TASK INSTRUCTIONS: With both ends included, repeat exactly the lines of the entries below from the one containing "Definition localizable (R" down to the one containing "(i) ḡ(s̄) is", and no others.

Stored data entries:
........
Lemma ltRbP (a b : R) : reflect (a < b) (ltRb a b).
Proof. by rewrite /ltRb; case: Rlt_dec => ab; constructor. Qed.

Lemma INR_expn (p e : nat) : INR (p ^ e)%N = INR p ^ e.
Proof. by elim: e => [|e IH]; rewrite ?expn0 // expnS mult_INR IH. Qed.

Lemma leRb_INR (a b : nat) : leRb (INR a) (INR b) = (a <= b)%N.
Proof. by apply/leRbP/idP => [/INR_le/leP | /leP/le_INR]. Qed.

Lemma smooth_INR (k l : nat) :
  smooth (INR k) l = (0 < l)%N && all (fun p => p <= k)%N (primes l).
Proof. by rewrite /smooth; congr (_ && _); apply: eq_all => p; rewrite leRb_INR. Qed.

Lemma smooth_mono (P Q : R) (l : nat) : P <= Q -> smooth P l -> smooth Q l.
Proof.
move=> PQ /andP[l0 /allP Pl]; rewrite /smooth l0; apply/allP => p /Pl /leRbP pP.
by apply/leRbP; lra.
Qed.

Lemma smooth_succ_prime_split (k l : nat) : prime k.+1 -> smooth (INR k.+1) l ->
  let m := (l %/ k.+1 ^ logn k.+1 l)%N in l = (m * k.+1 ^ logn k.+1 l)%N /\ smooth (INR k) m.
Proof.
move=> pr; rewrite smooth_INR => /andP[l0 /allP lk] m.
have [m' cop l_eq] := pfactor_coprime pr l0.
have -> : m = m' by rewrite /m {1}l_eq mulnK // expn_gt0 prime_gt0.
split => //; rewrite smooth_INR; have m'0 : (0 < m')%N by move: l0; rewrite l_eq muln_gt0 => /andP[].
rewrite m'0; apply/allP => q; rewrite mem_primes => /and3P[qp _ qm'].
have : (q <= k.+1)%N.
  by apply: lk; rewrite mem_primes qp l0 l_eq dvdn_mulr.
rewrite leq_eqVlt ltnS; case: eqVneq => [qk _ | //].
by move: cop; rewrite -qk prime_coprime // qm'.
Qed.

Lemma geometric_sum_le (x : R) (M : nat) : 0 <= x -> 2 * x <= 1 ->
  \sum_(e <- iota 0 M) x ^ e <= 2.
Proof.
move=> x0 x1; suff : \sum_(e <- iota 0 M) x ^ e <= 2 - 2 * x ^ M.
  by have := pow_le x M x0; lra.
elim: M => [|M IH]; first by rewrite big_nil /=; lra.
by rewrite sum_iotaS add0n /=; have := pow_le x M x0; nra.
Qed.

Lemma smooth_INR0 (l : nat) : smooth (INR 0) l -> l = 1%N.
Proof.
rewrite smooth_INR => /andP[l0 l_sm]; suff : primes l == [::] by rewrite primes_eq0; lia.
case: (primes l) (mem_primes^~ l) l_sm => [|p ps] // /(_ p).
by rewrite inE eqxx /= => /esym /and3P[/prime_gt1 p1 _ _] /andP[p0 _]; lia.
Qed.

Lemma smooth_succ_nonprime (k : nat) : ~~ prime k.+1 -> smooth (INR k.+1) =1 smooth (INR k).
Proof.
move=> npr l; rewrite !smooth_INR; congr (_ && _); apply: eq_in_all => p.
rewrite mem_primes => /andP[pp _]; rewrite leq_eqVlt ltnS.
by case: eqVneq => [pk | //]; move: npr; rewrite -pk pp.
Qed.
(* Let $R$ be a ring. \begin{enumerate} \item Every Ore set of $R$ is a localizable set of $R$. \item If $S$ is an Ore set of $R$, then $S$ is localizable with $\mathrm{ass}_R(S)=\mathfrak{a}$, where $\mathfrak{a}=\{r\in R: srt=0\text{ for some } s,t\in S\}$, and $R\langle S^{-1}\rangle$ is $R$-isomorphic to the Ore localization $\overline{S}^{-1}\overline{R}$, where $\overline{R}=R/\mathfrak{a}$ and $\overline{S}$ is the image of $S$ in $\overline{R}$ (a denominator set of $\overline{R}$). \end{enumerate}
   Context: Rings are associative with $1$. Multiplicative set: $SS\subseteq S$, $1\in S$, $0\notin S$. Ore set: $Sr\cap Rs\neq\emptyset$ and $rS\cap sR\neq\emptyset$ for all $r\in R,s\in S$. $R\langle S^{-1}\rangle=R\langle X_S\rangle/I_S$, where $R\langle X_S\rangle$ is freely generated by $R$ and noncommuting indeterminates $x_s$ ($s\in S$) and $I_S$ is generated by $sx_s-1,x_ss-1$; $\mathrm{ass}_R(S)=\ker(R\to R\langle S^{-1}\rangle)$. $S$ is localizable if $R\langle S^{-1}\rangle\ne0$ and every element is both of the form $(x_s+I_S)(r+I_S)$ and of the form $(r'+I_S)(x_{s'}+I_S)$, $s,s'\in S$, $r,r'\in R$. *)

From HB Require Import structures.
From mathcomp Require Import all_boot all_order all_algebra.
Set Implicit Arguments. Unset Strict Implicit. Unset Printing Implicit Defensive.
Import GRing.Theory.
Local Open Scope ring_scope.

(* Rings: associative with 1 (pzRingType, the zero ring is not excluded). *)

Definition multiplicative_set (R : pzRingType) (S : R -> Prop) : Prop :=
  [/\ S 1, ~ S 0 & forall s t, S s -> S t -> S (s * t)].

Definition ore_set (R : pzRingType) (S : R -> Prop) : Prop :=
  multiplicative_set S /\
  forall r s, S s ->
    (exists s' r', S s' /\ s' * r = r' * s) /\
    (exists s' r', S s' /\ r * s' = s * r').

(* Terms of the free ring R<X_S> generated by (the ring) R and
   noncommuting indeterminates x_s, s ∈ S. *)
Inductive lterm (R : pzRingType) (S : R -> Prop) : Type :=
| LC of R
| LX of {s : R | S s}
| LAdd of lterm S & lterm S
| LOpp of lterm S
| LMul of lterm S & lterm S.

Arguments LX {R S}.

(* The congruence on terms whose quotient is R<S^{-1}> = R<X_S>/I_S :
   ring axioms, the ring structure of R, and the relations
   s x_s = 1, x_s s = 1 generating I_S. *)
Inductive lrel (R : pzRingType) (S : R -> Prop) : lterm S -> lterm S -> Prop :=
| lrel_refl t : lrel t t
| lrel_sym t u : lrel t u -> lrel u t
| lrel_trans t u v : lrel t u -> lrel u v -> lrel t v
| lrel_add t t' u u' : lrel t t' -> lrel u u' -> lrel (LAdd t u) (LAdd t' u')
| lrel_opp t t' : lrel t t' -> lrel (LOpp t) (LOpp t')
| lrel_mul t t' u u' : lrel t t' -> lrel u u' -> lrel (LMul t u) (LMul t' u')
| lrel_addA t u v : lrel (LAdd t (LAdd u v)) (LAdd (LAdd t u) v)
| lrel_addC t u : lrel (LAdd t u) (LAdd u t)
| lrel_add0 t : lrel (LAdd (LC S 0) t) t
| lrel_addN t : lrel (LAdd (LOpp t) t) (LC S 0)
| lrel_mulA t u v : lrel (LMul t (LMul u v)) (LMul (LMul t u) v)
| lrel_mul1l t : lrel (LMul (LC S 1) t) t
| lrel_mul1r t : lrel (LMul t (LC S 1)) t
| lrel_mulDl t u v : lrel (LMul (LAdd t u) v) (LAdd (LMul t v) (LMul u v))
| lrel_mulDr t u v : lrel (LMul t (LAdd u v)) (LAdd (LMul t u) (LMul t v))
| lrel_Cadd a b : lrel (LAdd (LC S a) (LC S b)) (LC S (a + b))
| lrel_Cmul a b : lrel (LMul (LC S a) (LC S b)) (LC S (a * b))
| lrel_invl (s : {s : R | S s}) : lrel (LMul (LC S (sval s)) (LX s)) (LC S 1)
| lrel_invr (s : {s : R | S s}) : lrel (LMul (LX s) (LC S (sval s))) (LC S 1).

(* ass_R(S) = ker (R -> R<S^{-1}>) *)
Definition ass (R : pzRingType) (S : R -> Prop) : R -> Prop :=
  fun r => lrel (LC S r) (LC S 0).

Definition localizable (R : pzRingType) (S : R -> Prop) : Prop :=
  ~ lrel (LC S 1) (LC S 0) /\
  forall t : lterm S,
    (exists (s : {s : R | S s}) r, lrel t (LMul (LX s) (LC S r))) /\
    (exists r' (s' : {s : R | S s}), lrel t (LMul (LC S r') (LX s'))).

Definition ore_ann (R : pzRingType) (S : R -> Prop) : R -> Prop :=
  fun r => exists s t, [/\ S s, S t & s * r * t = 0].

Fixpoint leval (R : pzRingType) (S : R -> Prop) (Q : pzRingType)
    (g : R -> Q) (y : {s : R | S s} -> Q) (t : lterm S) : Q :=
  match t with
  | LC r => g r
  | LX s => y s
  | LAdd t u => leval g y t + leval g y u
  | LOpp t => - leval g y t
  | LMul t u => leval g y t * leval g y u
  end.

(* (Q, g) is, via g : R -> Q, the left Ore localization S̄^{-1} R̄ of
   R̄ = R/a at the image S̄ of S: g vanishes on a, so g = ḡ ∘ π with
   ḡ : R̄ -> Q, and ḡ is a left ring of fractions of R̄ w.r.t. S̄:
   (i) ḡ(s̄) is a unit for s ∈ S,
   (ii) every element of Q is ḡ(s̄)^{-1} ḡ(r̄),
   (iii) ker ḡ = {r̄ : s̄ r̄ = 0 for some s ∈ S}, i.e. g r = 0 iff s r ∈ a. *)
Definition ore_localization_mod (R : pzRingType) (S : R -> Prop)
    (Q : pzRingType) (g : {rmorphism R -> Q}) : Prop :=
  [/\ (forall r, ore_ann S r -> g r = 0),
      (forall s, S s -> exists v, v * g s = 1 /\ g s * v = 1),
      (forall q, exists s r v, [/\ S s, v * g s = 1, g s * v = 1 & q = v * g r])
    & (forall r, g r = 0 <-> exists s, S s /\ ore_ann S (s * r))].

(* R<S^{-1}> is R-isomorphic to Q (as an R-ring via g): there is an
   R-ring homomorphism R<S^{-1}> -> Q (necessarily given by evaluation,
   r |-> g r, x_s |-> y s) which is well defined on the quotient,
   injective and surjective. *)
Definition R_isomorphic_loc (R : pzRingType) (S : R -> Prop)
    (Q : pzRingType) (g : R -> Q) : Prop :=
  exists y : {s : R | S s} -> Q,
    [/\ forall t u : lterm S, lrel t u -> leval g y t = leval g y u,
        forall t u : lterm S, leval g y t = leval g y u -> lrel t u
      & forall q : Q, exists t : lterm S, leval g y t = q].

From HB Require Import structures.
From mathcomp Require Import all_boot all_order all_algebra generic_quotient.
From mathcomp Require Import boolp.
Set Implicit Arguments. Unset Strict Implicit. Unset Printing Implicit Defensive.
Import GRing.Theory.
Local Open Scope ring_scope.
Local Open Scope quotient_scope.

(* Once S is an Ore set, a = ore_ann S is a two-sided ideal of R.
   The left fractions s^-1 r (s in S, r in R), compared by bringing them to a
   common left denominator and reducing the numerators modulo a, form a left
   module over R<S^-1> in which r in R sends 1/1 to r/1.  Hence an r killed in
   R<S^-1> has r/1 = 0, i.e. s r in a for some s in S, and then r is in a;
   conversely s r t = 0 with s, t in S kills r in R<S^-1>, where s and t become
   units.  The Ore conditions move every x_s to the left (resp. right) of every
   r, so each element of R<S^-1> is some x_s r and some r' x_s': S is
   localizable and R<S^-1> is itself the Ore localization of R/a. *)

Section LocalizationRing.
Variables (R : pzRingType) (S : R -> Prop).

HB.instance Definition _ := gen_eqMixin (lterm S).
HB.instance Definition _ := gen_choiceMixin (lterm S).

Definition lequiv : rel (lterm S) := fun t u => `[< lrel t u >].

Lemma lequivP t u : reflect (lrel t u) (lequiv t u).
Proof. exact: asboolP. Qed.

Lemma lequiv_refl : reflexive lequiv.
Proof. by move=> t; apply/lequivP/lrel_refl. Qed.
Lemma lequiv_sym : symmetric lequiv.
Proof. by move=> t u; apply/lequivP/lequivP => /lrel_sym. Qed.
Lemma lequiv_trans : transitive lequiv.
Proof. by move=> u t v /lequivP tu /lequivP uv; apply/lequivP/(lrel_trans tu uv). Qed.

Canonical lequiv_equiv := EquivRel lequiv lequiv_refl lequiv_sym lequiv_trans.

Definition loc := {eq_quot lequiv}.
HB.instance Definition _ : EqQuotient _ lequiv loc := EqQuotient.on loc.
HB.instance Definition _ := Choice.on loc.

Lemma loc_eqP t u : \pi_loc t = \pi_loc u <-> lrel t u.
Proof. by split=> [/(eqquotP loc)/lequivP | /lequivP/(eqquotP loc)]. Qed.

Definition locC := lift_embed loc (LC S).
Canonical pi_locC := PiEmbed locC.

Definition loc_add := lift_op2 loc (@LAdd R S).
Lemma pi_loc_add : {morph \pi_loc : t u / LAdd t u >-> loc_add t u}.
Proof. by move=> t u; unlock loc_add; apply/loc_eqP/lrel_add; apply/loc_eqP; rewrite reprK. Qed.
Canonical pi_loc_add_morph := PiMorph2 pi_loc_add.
........
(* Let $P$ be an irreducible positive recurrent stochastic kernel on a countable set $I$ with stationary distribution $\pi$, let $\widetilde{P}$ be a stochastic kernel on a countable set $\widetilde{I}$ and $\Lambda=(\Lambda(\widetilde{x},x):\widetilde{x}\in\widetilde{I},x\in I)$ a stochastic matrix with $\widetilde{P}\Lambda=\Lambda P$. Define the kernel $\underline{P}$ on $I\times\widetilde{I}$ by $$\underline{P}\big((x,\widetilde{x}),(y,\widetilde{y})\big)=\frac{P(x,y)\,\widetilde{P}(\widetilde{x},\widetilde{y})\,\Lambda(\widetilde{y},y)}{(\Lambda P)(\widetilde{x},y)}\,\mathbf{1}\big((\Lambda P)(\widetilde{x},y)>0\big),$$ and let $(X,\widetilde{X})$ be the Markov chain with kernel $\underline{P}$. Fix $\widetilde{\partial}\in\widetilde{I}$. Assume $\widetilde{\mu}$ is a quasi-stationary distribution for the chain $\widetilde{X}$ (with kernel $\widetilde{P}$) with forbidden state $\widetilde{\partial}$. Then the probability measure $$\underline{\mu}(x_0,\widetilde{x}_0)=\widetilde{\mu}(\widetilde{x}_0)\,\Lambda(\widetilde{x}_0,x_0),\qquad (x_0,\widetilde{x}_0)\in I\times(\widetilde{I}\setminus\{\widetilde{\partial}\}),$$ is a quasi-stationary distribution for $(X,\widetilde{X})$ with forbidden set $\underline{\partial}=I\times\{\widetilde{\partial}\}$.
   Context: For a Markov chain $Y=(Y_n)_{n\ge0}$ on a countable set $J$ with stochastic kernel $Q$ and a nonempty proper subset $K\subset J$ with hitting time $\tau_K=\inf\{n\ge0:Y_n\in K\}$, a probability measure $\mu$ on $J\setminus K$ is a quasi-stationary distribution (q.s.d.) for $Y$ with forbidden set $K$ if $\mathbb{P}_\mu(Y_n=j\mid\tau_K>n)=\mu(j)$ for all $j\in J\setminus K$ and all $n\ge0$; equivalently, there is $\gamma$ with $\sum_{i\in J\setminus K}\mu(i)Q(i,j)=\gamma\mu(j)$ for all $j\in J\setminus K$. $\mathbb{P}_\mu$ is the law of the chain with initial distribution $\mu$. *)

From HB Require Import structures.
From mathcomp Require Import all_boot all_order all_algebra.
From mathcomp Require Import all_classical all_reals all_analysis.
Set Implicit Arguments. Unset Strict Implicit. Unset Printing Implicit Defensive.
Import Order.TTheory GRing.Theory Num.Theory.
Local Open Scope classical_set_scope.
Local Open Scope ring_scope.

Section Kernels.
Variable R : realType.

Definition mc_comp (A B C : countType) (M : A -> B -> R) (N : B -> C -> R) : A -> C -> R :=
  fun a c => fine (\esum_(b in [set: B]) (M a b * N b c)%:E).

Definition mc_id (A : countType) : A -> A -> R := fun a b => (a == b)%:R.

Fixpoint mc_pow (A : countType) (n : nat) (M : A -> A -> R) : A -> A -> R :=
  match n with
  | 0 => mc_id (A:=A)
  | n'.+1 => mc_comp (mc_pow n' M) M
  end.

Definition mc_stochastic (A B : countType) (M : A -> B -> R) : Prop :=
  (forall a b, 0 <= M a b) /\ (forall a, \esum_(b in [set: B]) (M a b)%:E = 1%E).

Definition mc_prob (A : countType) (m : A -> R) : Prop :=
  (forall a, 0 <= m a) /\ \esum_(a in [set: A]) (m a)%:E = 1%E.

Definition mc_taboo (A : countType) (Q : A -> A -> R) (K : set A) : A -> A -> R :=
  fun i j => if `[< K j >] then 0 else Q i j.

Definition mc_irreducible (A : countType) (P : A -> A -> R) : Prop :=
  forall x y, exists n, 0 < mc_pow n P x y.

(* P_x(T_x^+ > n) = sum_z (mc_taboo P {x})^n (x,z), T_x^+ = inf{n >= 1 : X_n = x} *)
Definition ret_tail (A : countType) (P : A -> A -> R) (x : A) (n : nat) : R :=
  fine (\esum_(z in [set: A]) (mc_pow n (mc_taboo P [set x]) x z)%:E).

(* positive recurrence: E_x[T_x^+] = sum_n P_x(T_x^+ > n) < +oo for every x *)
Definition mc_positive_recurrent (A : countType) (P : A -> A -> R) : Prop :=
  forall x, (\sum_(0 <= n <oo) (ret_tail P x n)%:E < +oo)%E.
........
RESPONSE TO THE EXERCISE:
Definition localizable (R : pzRingType) (S : R -> Prop) : Prop :=
  ~ lrel (LC S 1) (LC S 0) /\
  forall t : lterm S,
    (exists (s : {s : R | S s}) r, lrel t (LMul (LX s) (LC S r))) /\
    (exists r' (s' : {s : R | S s}), lrel t (LMul (LC S r') (LX s'))).

Definition ore_ann (R : pzRingType) (S : R -> Prop) : R -> Prop :=
  fun r => exists s t, [/\ S s, S t & s * r * t = 0].

Fixpoint leval (R : pzRingType) (S : R -> Prop) (Q : pzRingType)
    (g : R -> Q) (y : {s : R | S s} -> Q) (t : lterm S) : Q :=
  match t with
  | LC r => g r
  | LX s => y s
  | LAdd t u => leval g y t + leval g y u
  | LOpp t => - leval g y t
  | LMul t u => leval g y t * leval g y u
  end.

(* (Q, g) is, via g : R -> Q, the left Ore localization S̄^{-1} R̄ of
   R̄ = R/a at the image S̄ of S: g vanishes on a, so g = ḡ ∘ π with
   ḡ : R̄ -> Q, and ḡ is a left ring of fractions of R̄ w.r.t. S̄:
   (i) ḡ(s̄) is a unit for s ∈ S,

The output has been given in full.